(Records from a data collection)
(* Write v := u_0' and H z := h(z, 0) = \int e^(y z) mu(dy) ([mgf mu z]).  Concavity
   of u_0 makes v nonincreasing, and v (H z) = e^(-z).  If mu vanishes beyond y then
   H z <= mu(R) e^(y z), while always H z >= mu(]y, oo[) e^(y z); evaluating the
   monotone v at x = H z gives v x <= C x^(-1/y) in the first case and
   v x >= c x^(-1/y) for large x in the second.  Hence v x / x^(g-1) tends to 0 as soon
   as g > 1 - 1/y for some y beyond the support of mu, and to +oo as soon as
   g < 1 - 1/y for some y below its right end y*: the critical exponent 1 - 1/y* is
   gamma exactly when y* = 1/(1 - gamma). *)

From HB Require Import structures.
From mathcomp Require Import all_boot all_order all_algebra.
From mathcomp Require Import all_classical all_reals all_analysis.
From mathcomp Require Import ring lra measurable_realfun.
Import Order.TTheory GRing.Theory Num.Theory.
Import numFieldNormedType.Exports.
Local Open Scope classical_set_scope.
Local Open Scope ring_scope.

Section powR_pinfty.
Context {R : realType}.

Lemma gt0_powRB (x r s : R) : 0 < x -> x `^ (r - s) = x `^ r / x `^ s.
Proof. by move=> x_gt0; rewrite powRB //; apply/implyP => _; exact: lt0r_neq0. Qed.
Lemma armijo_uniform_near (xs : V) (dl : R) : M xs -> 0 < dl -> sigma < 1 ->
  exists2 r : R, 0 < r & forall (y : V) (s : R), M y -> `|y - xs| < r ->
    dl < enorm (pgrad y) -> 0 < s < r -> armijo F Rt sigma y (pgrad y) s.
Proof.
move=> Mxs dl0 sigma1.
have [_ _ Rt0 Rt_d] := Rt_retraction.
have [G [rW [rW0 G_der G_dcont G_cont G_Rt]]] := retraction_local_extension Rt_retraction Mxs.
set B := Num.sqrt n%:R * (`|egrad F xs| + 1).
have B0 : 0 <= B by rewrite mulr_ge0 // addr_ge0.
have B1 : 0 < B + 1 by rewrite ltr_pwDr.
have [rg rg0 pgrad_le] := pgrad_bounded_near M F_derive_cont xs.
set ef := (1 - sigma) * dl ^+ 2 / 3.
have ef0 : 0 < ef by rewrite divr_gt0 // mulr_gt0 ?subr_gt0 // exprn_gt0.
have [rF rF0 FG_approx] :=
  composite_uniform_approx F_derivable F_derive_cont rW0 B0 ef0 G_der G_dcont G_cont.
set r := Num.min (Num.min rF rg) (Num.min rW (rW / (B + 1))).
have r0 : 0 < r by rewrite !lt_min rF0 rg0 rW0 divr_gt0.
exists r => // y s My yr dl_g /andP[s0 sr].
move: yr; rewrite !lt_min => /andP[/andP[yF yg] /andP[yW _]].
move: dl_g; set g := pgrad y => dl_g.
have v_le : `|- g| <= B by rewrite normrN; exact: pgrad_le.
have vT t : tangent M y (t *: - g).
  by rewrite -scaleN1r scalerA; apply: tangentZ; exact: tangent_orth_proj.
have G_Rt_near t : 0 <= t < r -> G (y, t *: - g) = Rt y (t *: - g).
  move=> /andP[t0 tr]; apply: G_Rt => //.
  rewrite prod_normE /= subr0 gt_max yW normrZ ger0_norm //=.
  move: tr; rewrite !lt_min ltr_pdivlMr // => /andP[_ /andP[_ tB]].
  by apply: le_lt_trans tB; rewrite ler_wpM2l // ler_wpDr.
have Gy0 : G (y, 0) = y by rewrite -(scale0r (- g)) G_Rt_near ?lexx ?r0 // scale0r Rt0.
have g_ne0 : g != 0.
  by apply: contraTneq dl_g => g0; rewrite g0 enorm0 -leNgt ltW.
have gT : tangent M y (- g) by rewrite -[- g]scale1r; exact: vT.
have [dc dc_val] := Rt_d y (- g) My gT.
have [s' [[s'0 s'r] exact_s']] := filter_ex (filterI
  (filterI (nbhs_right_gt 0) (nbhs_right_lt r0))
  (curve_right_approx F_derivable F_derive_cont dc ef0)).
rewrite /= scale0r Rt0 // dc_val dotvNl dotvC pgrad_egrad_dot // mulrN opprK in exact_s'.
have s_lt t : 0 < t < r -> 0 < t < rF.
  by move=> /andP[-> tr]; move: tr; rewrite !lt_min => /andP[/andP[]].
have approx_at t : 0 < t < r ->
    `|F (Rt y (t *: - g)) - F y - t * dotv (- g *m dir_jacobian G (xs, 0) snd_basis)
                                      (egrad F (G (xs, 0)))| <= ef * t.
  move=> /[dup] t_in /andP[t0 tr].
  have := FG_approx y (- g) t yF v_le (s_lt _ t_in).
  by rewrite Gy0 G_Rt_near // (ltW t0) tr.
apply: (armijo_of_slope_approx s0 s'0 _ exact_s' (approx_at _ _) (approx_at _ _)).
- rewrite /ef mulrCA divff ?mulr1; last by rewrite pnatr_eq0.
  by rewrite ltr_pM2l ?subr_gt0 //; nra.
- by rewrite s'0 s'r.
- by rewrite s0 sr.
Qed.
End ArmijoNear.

Task directions: Your task is to restate, word for word, only those lines above that fall between the line holding "(curve_right_approx F_derivable F_derive_cont" and the line holding "by rewrite ltr_pM2l ?subr_gt0 //; nra.", inclusive.

Solution for this task:
  (curve_right_approx F_derivable F_derive_cont dc ef0)).
rewrite /= scale0r Rt0 // dc_val dotvNl dotvC pgrad_egrad_dot // mulrN opprK in exact_s'.
have s_lt t : 0 < t < r -> 0 < t < rF.
  by move=> /andP[-> tr]; move: tr; rewrite !lt_min => /andP[/andP[]].
have approx_at t : 0 < t < r ->
    `|F (Rt y (t *: - g)) - F y - t * dotv (- g *m dir_jacobian G (xs, 0) snd_basis)
                                      (egrad F (G (xs, 0)))| <= ef * t.
  move=> /[dup] t_in /andP[t0 tr].
  have := FG_approx y (- g) t yF v_le (s_lt _ t_in).
  by rewrite Gy0 G_Rt_near // (ltW t0) tr.
apply: (armijo_of_slope_approx s0 s'0 _ exact_s' (approx_at _ _) (approx_at _ _)).
- rewrite /ef mulrCA divff ?mulr1; last by rewrite pnatr_eq0.
  by rewrite ltr_pM2l ?subr_gt0 //; nra.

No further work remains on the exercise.